• **Instructions to follow**: Narrow the data below down to the lines containing "ReducedVsUnreduced".
=== Begin Enclosure ===
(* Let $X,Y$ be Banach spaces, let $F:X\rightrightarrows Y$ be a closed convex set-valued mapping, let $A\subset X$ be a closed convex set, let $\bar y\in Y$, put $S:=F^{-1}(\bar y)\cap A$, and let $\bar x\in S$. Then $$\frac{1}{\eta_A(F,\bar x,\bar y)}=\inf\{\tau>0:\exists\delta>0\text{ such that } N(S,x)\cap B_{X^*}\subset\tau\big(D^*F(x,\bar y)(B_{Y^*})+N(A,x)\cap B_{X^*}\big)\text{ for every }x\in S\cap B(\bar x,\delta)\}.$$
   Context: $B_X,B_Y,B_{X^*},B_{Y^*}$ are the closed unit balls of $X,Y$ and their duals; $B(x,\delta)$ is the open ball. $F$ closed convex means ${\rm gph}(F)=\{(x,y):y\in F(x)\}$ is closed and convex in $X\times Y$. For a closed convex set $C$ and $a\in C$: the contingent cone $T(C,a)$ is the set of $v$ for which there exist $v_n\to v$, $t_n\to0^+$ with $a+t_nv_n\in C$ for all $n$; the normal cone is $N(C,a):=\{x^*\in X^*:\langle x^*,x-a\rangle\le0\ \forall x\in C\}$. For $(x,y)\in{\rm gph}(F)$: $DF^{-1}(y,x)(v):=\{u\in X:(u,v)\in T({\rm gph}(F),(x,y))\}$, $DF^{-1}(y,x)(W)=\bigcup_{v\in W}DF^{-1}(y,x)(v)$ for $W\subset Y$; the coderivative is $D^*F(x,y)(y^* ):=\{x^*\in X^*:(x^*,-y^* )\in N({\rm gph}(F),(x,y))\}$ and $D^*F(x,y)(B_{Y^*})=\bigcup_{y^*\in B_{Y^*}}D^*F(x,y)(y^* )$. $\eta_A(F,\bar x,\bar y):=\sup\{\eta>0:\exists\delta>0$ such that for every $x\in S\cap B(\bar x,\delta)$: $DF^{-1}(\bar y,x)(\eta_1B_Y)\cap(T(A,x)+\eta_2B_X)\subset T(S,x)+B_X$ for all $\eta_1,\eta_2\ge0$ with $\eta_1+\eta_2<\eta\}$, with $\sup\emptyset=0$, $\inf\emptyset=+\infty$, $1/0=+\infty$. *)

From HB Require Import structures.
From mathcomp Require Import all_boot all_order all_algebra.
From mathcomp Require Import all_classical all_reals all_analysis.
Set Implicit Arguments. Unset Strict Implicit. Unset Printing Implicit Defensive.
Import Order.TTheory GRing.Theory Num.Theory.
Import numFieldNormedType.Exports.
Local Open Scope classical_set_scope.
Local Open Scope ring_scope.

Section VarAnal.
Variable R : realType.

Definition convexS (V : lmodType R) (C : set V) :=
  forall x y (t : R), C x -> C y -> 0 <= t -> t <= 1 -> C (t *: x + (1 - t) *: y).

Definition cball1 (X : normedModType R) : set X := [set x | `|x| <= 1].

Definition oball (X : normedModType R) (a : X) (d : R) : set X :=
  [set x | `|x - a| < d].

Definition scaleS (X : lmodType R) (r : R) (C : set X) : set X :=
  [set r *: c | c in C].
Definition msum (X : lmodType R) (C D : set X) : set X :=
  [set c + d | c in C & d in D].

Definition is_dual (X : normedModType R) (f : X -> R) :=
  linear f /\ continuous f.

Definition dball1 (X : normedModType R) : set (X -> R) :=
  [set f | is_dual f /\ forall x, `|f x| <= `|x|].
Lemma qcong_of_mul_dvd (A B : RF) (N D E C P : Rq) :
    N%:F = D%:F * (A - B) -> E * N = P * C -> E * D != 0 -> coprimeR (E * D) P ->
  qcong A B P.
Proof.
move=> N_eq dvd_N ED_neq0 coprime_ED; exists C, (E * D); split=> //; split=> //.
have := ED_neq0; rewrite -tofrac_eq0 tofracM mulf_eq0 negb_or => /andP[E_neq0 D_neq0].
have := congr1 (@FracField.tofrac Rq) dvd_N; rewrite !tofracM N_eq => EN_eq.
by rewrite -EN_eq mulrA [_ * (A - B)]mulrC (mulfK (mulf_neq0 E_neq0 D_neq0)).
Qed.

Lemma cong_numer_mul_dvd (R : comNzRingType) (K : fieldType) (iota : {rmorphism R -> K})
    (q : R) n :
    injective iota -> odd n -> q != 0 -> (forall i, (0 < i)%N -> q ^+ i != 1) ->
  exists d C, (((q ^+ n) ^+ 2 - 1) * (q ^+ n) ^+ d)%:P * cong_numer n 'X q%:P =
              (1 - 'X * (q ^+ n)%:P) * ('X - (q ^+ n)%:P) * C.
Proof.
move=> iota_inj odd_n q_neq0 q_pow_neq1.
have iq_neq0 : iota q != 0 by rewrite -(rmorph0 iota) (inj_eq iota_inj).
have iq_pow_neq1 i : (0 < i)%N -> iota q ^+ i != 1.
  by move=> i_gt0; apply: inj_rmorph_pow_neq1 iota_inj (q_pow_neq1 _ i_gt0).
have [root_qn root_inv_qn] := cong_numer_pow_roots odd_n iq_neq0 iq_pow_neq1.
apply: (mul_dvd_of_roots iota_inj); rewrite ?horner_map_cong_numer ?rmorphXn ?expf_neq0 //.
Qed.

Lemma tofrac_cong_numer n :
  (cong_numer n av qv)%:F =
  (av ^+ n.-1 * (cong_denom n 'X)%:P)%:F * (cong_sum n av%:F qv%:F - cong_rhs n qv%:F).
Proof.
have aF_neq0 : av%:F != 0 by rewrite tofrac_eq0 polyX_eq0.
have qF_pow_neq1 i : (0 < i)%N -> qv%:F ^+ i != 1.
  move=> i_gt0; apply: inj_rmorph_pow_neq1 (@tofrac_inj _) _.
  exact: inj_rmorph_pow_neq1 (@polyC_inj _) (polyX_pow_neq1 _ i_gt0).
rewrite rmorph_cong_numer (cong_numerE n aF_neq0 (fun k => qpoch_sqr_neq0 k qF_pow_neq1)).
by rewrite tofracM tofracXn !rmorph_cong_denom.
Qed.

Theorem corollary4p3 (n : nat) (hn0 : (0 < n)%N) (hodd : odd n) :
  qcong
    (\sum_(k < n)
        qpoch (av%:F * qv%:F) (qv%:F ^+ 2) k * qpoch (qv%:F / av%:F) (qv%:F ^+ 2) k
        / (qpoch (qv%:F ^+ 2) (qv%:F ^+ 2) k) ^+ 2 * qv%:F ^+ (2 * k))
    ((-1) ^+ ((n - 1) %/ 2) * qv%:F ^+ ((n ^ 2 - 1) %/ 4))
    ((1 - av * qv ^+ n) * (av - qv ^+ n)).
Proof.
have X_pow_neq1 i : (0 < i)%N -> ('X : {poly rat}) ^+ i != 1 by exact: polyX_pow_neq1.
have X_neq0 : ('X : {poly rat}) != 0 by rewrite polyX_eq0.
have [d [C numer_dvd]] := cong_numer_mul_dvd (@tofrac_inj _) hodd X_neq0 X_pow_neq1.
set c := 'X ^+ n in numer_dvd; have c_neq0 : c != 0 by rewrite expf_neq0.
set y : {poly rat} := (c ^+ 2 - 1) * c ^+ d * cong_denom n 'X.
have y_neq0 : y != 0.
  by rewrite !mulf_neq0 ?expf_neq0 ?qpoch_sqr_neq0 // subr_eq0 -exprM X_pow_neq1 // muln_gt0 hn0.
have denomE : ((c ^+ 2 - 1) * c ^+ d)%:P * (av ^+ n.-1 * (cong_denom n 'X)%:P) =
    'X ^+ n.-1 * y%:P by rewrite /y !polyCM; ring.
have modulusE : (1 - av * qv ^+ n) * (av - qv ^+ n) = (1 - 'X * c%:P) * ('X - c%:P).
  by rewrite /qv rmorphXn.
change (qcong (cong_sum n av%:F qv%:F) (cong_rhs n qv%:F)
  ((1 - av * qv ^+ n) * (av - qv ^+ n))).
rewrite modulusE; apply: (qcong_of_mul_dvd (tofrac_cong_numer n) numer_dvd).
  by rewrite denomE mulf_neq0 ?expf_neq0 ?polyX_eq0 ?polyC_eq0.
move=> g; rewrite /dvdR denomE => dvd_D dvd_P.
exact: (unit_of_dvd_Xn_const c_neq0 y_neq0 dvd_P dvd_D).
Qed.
=== End Enclosure ===
=== Begin Enclosure ===
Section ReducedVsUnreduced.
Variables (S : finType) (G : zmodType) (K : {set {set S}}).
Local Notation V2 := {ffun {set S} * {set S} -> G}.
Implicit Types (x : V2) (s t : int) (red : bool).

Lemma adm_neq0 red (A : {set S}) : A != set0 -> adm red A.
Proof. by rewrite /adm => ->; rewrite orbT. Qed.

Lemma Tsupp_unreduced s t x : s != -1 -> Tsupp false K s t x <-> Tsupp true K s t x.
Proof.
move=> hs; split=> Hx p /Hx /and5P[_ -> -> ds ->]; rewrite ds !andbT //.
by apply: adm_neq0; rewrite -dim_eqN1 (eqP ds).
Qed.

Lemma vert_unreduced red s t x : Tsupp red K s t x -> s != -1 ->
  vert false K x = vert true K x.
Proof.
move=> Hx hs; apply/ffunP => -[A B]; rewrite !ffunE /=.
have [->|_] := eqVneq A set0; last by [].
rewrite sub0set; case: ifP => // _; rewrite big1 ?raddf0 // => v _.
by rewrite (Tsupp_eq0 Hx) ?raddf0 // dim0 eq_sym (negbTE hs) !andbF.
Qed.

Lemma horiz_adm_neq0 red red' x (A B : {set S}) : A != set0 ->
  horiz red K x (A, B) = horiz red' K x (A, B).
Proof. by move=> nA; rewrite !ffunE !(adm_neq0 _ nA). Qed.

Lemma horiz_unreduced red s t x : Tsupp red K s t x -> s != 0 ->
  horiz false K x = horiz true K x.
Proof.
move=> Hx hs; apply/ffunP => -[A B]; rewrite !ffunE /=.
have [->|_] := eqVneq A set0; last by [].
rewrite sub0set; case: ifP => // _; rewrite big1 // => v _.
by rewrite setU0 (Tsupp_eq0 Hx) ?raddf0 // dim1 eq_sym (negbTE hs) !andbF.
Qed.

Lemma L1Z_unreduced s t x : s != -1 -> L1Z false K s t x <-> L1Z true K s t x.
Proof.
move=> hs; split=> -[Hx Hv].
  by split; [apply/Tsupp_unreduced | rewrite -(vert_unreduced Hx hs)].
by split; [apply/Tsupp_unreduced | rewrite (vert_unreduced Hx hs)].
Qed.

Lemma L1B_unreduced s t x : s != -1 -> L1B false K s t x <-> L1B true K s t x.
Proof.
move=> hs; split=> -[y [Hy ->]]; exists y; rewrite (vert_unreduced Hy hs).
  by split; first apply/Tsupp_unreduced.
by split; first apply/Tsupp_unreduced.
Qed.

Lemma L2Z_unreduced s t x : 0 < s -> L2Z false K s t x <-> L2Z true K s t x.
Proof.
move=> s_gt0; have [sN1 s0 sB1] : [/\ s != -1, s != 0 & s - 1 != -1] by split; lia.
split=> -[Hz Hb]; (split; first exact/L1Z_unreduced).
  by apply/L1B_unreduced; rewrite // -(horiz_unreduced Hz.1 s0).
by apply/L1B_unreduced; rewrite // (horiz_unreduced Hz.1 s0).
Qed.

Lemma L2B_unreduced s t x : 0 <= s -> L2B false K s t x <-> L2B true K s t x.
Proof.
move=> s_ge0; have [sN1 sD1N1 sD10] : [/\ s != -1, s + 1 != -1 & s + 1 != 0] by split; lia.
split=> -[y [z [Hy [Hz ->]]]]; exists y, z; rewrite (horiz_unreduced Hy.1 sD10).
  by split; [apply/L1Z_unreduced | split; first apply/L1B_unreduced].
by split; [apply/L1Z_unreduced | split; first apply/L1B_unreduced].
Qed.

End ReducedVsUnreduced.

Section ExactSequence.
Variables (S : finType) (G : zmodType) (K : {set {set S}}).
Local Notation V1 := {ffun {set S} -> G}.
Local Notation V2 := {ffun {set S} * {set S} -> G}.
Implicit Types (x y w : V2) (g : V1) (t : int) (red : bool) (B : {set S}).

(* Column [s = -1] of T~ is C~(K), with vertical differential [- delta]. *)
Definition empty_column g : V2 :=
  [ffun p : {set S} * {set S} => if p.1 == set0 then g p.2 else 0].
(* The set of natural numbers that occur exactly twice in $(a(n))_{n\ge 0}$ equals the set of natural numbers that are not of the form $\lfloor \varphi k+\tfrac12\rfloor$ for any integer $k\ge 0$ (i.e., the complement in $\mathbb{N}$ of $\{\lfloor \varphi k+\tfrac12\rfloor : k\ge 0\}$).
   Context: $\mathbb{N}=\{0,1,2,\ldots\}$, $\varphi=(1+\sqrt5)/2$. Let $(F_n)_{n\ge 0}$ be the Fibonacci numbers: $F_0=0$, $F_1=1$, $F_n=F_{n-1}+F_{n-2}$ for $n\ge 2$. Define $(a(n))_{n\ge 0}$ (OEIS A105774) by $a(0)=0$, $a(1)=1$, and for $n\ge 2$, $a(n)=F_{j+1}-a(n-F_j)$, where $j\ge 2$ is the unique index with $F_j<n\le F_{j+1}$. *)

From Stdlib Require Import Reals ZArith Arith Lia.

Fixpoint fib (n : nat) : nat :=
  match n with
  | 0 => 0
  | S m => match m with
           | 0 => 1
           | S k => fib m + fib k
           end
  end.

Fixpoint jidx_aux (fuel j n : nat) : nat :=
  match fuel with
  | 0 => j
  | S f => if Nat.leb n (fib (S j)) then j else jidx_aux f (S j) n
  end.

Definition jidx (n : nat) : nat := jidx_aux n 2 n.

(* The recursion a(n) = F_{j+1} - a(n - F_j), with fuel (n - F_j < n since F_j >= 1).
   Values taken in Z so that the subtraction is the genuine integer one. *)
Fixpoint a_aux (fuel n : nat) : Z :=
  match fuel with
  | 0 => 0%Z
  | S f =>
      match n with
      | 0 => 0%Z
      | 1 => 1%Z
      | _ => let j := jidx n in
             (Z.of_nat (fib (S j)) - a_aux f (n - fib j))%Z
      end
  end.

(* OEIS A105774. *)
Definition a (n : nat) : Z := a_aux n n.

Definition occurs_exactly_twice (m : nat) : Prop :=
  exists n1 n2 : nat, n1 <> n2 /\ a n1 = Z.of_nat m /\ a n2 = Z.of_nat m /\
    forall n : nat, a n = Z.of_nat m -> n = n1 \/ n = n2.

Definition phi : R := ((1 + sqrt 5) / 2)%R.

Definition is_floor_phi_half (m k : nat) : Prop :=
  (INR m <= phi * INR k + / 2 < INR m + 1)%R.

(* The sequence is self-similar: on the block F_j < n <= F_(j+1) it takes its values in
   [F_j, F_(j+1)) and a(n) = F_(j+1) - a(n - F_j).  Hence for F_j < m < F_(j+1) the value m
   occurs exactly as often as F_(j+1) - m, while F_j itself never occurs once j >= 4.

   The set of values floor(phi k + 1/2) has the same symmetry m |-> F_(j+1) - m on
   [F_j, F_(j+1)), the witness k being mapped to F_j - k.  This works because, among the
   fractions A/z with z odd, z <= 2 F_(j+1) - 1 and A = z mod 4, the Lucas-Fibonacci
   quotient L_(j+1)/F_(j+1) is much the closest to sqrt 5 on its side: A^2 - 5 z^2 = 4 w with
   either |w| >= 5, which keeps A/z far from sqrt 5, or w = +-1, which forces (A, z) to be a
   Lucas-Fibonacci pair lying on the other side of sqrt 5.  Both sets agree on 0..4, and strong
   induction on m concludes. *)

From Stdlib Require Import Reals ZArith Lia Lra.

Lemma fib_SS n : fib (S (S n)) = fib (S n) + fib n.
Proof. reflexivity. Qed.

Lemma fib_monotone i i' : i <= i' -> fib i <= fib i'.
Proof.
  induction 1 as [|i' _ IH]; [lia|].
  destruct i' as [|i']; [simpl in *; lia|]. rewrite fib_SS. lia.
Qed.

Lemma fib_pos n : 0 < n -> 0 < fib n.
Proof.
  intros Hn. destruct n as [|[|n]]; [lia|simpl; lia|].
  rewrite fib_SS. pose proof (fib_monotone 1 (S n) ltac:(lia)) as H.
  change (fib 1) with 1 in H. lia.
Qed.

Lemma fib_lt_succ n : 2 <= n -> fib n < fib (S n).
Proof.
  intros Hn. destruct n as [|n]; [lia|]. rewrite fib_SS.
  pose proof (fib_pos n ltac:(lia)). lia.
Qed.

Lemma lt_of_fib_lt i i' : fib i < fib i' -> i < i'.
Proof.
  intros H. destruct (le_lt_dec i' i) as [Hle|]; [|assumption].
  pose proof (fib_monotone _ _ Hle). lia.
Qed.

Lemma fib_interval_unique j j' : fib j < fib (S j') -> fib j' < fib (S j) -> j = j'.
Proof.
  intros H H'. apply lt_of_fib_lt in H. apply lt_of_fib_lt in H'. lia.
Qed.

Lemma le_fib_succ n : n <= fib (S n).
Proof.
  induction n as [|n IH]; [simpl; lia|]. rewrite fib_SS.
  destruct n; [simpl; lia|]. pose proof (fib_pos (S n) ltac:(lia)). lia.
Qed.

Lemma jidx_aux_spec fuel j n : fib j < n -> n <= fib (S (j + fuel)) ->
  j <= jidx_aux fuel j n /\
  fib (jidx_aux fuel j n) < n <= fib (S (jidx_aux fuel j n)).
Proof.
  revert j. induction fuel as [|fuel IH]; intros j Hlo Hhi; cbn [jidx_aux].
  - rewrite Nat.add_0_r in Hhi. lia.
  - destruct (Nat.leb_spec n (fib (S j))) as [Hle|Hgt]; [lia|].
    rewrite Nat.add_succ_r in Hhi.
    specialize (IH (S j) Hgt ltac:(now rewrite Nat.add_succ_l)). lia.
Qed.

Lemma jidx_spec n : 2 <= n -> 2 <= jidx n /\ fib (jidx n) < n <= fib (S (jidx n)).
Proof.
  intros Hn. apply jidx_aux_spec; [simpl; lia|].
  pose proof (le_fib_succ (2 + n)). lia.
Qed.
=== End Enclosure ===
• **Task answer**:
Section ReducedVsUnreduced.
End ReducedVsUnreduced.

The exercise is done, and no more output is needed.